*What this task involves*
Search the records for the word "eapply" and report each line that has it.

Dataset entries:
Definition wsum {T : Type} (w : T -> R) (a : T -> C) (L : list T) : R :=
  fold_right (fun t acc => Cnorm (a t) * w t + acc) 0 L.

(* ||a|| <= r, i.e. sup over finite subsets of the weighted sums is <= r *)
Definition norm_le {T : Type} (w : T -> R) (a : T -> C) (r : R) : Prop :=
  forall L : list T, NoDup L -> wsum w a L <= r.

Definition in_l1w {T : Type} (w : T -> R) (a : T -> C) : Prop :=
  exists r, norm_le w a r.

Definition fadd {T : Type} (a b : T -> C) : T -> C := fun t => Cadd (a t) (b t).
Definition fscale {T : Type} (l : C) (a : T -> C) : T -> C := fun t => Cmul l (a t).

(* c = a * b (convolution): c(t) = sum_{x y = t} a(x) b(y) *)
Definition conv_rel {T : Type} (op : T -> T -> T) (a b c : T -> C) : Prop :=
  forall t, has_sum (fun p : {p : T * T | op (fst p) (snd p) = t} =>
                       Cmul (a (fst (proj1_sig p))) (b (snd (proj1_sig p))))
                    (c t).

Definition is_bdd_linear {T : Type} (w : T -> R) (psi : (T -> C) -> C) : Prop :=
  (forall a b, in_l1w w a -> in_l1w w b -> psi (fadd a b) = Cadd (psi a) (psi b)) /\
  (forall l a, in_l1w w a -> psi (fscale l a) = Cmul l (psi a)) /\
  (exists M, forall a r, in_l1w w a -> norm_le w a r -> Cnorm (psi a) <= M * r).

Definition defect_le {T : Type} (op : T -> T -> T) (w : T -> R)
  (psi : (T -> C) -> C) (d : R) : Prop :=
  forall a b c, in_l1w w a -> in_l1w w b -> norm_le w a 1 -> norm_le w b 1 ->
    conv_rel op a b c -> Cnorm (Csub (psi c) (Cmul (psi a) (psi b))) <= d.

(* phi in Mult(A, C) (bounded, linear, multiplicative; includes 0) *)
Definition is_mult {T : Type} (op : T -> T -> T) (w : T -> R)
  (phi : (T -> C) -> C) : Prop :=
  is_bdd_linear w phi /\
  forall a b c, in_l1w w a -> in_l1w w b -> conv_rel op a b c ->
    phi c = Cmul (phi a) (phi b).

Definition opnorm_diff_le {T : Type} (w : T -> R) (psi phi : (T -> C) -> C)
  (e : R) : Prop :=
  forall a, in_l1w w a -> norm_le w a 1 -> Cnorm (Csub (psi a) (phi a)) <= e.

(* dist_{A*}(psi, Mult(A,C)) <= e  (infimum <= e) *)
Definition dist_mult_le {T : Type} (op : T -> T -> T) (w : T -> R)
  (psi : (T -> C) -> C) (e : R) : Prop :=
  forall eta, 0 < eta -> exists phi, is_mult op w phi /\
    opnorm_diff_le w psi phi (e + eta).

Definition AMNM {T : Type} (op : T -> T -> T) (w : T -> R) : Prop :=
  forall eps, 0 < eps -> exists delta, 0 < delta /\
    forall psi, is_bdd_linear w psi -> defect_le op w psi delta ->
      dist_mult_le op w psi eps.

(* The semilattice consists of the Boolean cubes {0,1}^k (bit strings of length
   k, multiplied by bitwise "or"), for all k, glued along a common absorbing
   zero: strings of different lengths multiply to zero.  A string that is not
   all-ones has weight 1 + (number of ones); all-ones strings and the zero have
   weight 1.  This weight is submultiplicative, and the semilattice is locally
   finite since generated subsemigroups stay among strings of bounded length.

   For each k, let psi_k be the functional given by the indicator of the
   non-top strings of length k.  It fails to be multiplicative only on pairs
   x, y of non-top strings whose join is the top; then x and y carry together
   at least k ones, so w x * w y >= k + 1 and def(psi_k) <= 1/(k+1).  On the
   other hand every character phi within distance 1/4 of psi_k must agree with
   psi_k on the point masses of weight <= 2, hence equal 1 on the k unit
   strings; multiplicativity then forces phi = 1 on the top string, where
   psi_k vanishes.  So small defect does not imply closeness to Mult. *)

From Pilot Require Import Defs.
From Stdlib Require Import Reals List Lra Lia ProofIrrelevance FinFun.
From Coquelicot Require Complex.
Import ListNotations.
Open Scope R_scope.

(* [C] from [Defs] is shadowed by the binomial coefficient of [Reals]. *)
Local Notation CC := Defs.C.

(* The modulus on C = R * R agrees with Coquelicot's [Cmod], whose algebraic
   properties we reuse. *)
Lemma Cnorm_Cmod z : Cnorm z = Complex.Cmod z.
Proof. unfold Cnorm, Complex.Cmod. f_equal. simpl. ring. Qed.

Lemma Cnorm_triangle z u : Cnorm (Cadd z u) <= Cnorm z + Cnorm u.
Proof. rewrite !Cnorm_Cmod. apply Complex.Cmod_triangle. Qed.

Lemma Cnorm_mul z u : Cnorm (Cmul z u) = Cnorm z * Cnorm u.
Proof. rewrite !Cnorm_Cmod. apply Complex.Cmod_mult. Qed.

Lemma Cnorm_ge0 z : 0 <= Cnorm z.
Proof. apply sqrt_pos. Qed.

Lemma Cnorm_real r : Cnorm (r, 0) = Rabs r.
Proof. rewrite Cnorm_Cmod. apply Complex.Cmod_R. Qed.

Lemma Cnorm_C0 : Cnorm C0 = 0.
Proof. unfold C0. rewrite Cnorm_real. apply Rabs_R0. Qed.

Lemma Cnorm_eq0_eq z u : Cnorm (Csub z u) = 0 -> z = u.
Proof.
  rewrite Cnorm_Cmod. intros H. apply Complex.Cmod_eq_0 in H.
  destruct z, u. unfold Csub, Cadd, Copp in H; simpl in H.
  injection H as H1 H2. f_equal; lra.
Qed.

Ltac cring := unfold Cadd, Cmul, Csub, Copp, C0; apply injective_projections; simpl; ring.

Lemma C_idempotent (z : CC) : z = Cmul z z -> z = (0, 0) \/ z = (1, 0).
Proof.
  destruct z as [a b]. unfold Cmul; simpl. intros H. injection H as H1 H2.
  assert (Hb : b = 0).
  { destruct (Req_dec b 0) as [|Hb]; auto.
    assert (Ha : a = /2).
    { apply Rmult_eq_reg_l with (2 * b); [lra|]. apply Rmult_integral_contrapositive; lra. }
    subst a. nra. }
  subst b. destruct (Req_dec a 0) as [->|Ha]; [left|right]; auto.
  f_equal. apply Rmult_eq_reg_l with a; lra.
Qed.
Lemma jacobi_sn_quarter : jacobi_sn (ellipF k (PI / 2)) k = 1.
Proof. unfold jacobi_sn; rewrite jacobi_am_ellipF; apply sin_PI2. Qed.

End Amplitude.

Section SnoidalWave.

Variable E : R.
Hypothesis hE : 0 < E < 1.

Let a := sqrt (1 - E).
Let s := sqrt ((1 + E) / 2).

Let a_pos : 0 < a.
Proof. apply sqrt_lt_R0; lra. Qed.

Let s_pos : 0 < s.
Proof. apply sqrt_lt_R0; lra. Qed.

Let a_sq : a ^ 2 = 1 - E.
Proof. apply pow2_sqrt; lra. Qed.

Let s_sq : s ^ 2 = (1 + E) / 2.
Proof. apply pow2_sqrt; lra. Qed.

Lemma kmod_sq : kmod E ^ 2 = (1 - E) / (1 + E).
Proof. apply pow2_sqrt, Rlt_le, Rdiv_lt_0_compat; lra. Qed.

Lemma kmod_sq_lt1 : kmod E ^ 2 < 1.
Proof. rewrite kmod_sq; apply Rmult_lt_reg_r with (1 + E); [lra|]; field_simplify; lra. Qed.

Definition u0' (x : R) : R := a * s * jacobi_cn_dn (kmod E) (x * s).

Lemma u0_deriv x : is_derive (u0 E) x (u0' x).
Proof.
  unfold u0, u0'; eapply is_derive_eq.
  - apply is_derive_scal, (is_derive_scale_arg (fun y => jacobi_sn y (kmod E))).
    apply jacobi_sn_deriv, kmod_sq_lt1.
  - fold a s; ring.
Qed.

Lemma u0'_deriv x : is_derive u0' x ((u0 E x ^ 2 - 1) * u0 E x).
Proof.
  unfold u0'; eapply is_derive_eq.
  - apply is_derive_scal, (is_derive_scale_arg (jacobi_cn_dn (kmod E))).
    apply jacobi_cn_dn_deriv, kmod_sq_lt1.
  - unfold u0; fold a s.
    set (S := jacobi_sn (x * s) (kmod E)).
    transitivity (a * s ^ 2 * (- (1 + kmod E ^ 2) * S + 2 * kmod E ^ 2 * S ^ 3)); [ring|].
    replace ((a * S) ^ 2) with (a ^ 2 * S ^ 2) by ring.
    rewrite s_sq, a_sq, kmod_sq; field; lra.
Qed.

Lemma u0_sq_le1 x : u0 E x ^ 2 <= 1.
Proof.
  unfold u0; fold a s; unfold jacobi_sn.
  pose proof (SIN_bound (jacobi_am (kmod E) (x * s))).
  replace ((a * sin _) ^ 2) with (a ^ 2 * sin (jacobi_am (kmod E) (x * s)) ^ 2) by ring.
  rewrite a_sq; nra.
Qed.

Lemma u0_odd x : u0 E (- x) = - u0 E x.
Proof.
  unfold u0; replace (- x * _) with (- (x * sqrt ((1 + E) / 2))) by ring.
  rewrite jacobi_sn_odd by apply kmod_sq_lt1; ring.
Qed.

Lemma u0_period : is_period (u0 E) (2 * ellipF (kmod E) PI / s).
Proof.
  intros x; unfold u0; fold a s.
  replace ((x + 2 * ellipF (kmod E) PI / s) * s)
    with (x * s + ellipF (kmod E) PI + ellipF (kmod E) PI) by (field; lra).
  rewrite !jacobi_sn_antiperiodic by apply kmod_sq_lt1; ring.
Qed.

Lemma u0_period_lb p : 0 < p -> is_period (u0 E) p -> ellipF (kmod E) PI / s <= p.
Proof.
  intros Hp Hper.
  assert (Hzero : u0 E p = 0).
  { rewrite <- (Rplus_0_l p), Hper.
    pose proof (u0_odd 0) as H0; rewrite Ropp_0 in H0; lra. }
  unfold u0 in Hzero; fold a s in Hzero.
  apply Rmult_integral in Hzero as [|Hsn]; [lra|].
  apply jacobi_sn_first_zero in Hsn; [| apply kmod_sq_lt1 | nra].
  apply Rmult_le_reg_r with s; [exact s_pos|].
  unfold Rdiv; rewrite Rmult_assoc, Rinv_l; lra.
Qed.

Lemma u0_quarter_neq0 : u0 E (ellipF (kmod E) (PI / 2) / s) <> 0.
Proof.
  unfold u0; fold a s.
  replace (ellipF (kmod E) (PI / 2) / s * s) with (ellipF (kmod E) (PI / 2)) by (field; lra).
  rewrite jacobi_sn_quarter by apply kmod_sq_lt1; lra.
Qed.

Lemma T0_period : 0 < 2 * T0 E /\ is_period (u0 E) (2 * T0 E).
Proof.
  assert (HK : 0 < ellipF (kmod E) PI).
  { pose proof (ellipF_incr _ kmod_sq_lt1 0 PI (Rlt_le _ _ PI_RGT_0)) as Hincr.
    rewrite ellipF_0 in Hincr; pose proof PI_RGT_0; lra. }
  unfold T0; replace (2 * (_ / 2)) with (real (Glb_Rbar (fun p => 0 < p /\ is_period (u0 E) p)))
    by field.
  apply (glb_periods_is_period (u0 E) (ellipF (kmod E) PI / s) (2 * ellipF (kmod E) PI / s)).
  - apply Rdiv_lt_0_compat; lra.
  - apply Rdiv_lt_0_compat; lra.
  - apply u0_period.
  - apply u0_period_lb.
Qed.

End SnoidalWave.

Theorem lemma5p2 (E : R) (hE : 0 < E < 1) :
  (forall v : R -> R,
     bounded_fun v -> Lminus_solves E v (fun _ => 0) ->
     exists C : R, forall x, v x = C * u0 E x)
  /\
  (exists V : R -> R,
     (even_fun V /\ is_period V (2 * T0 E) /\ Lminus_solves E V (Derive (u0 E)))
     /\ forall W : R -> R,
          even_fun W -> is_period W (2 * T0 E) -> Lminus_solves E W (Derive (u0 E)) ->
          forall x, W x = V x).
Proof.
  pose proof (u0_deriv E hE) as Hu; pose proof (u0'_deriv E hE) as Hu1.
  pose proof (u0_sq_le1 E hE) as Hle1; pose proof (u0_odd E hE) as Hodd.
  assert (Hx0 : exists x0, u0 E x0 <> 0) by (eexists; apply u0_quarter_neq0, hE).
  destruct (T0_period E hE) as [HT Hper].
  assert (Hrhs : forall x, u0' E x = Derive (u0 E) x)
    by (intros x; symmetry; apply is_derive_unique, Hu).
  split.
  - intros v Hv [v1 [v2 Hsol]]; eapply Lminus_kernel_bounded; eauto.
  - exists (V (u0 E) (u0' E) (2 * T0 E)); split; [split; [|split]|].
    + intros x; eapply V_even; eauto.
    + intros x; eapply V_periodic; eauto.
    + destruct (Lminus_sol_V (u0 E) (u0' E) (2 * T0 E)) as [V1 [V2 HV]]; eauto.
      exists V1, V2; exact (Lminus_sol_rhs _ _ _ _ _ _ HV Hrhs).
    + intros W Weven Wper [W1 [W2 HW]]; eapply Lminus_sol_V_unique; eauto.
      apply (Lminus_sol_rhs _ _ _ _ _ _ HW); intros x; symmetry; apply Hrhs.
Qed.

*Solution below*
  unfold u0, u0'; eapply is_derive_eq.
  unfold u0'; eapply is_derive_eq.
  - intros v Hv [v1 [v2 Hsol]]; eapply Lminus_kernel_bounded; eauto.
    + intros x; eapply V_even; eauto.
    + intros x; eapply V_periodic; eauto.
    + intros W Weven Wper [W1 [W2 HW]]; eapply Lminus_sol_V_unique; eauto.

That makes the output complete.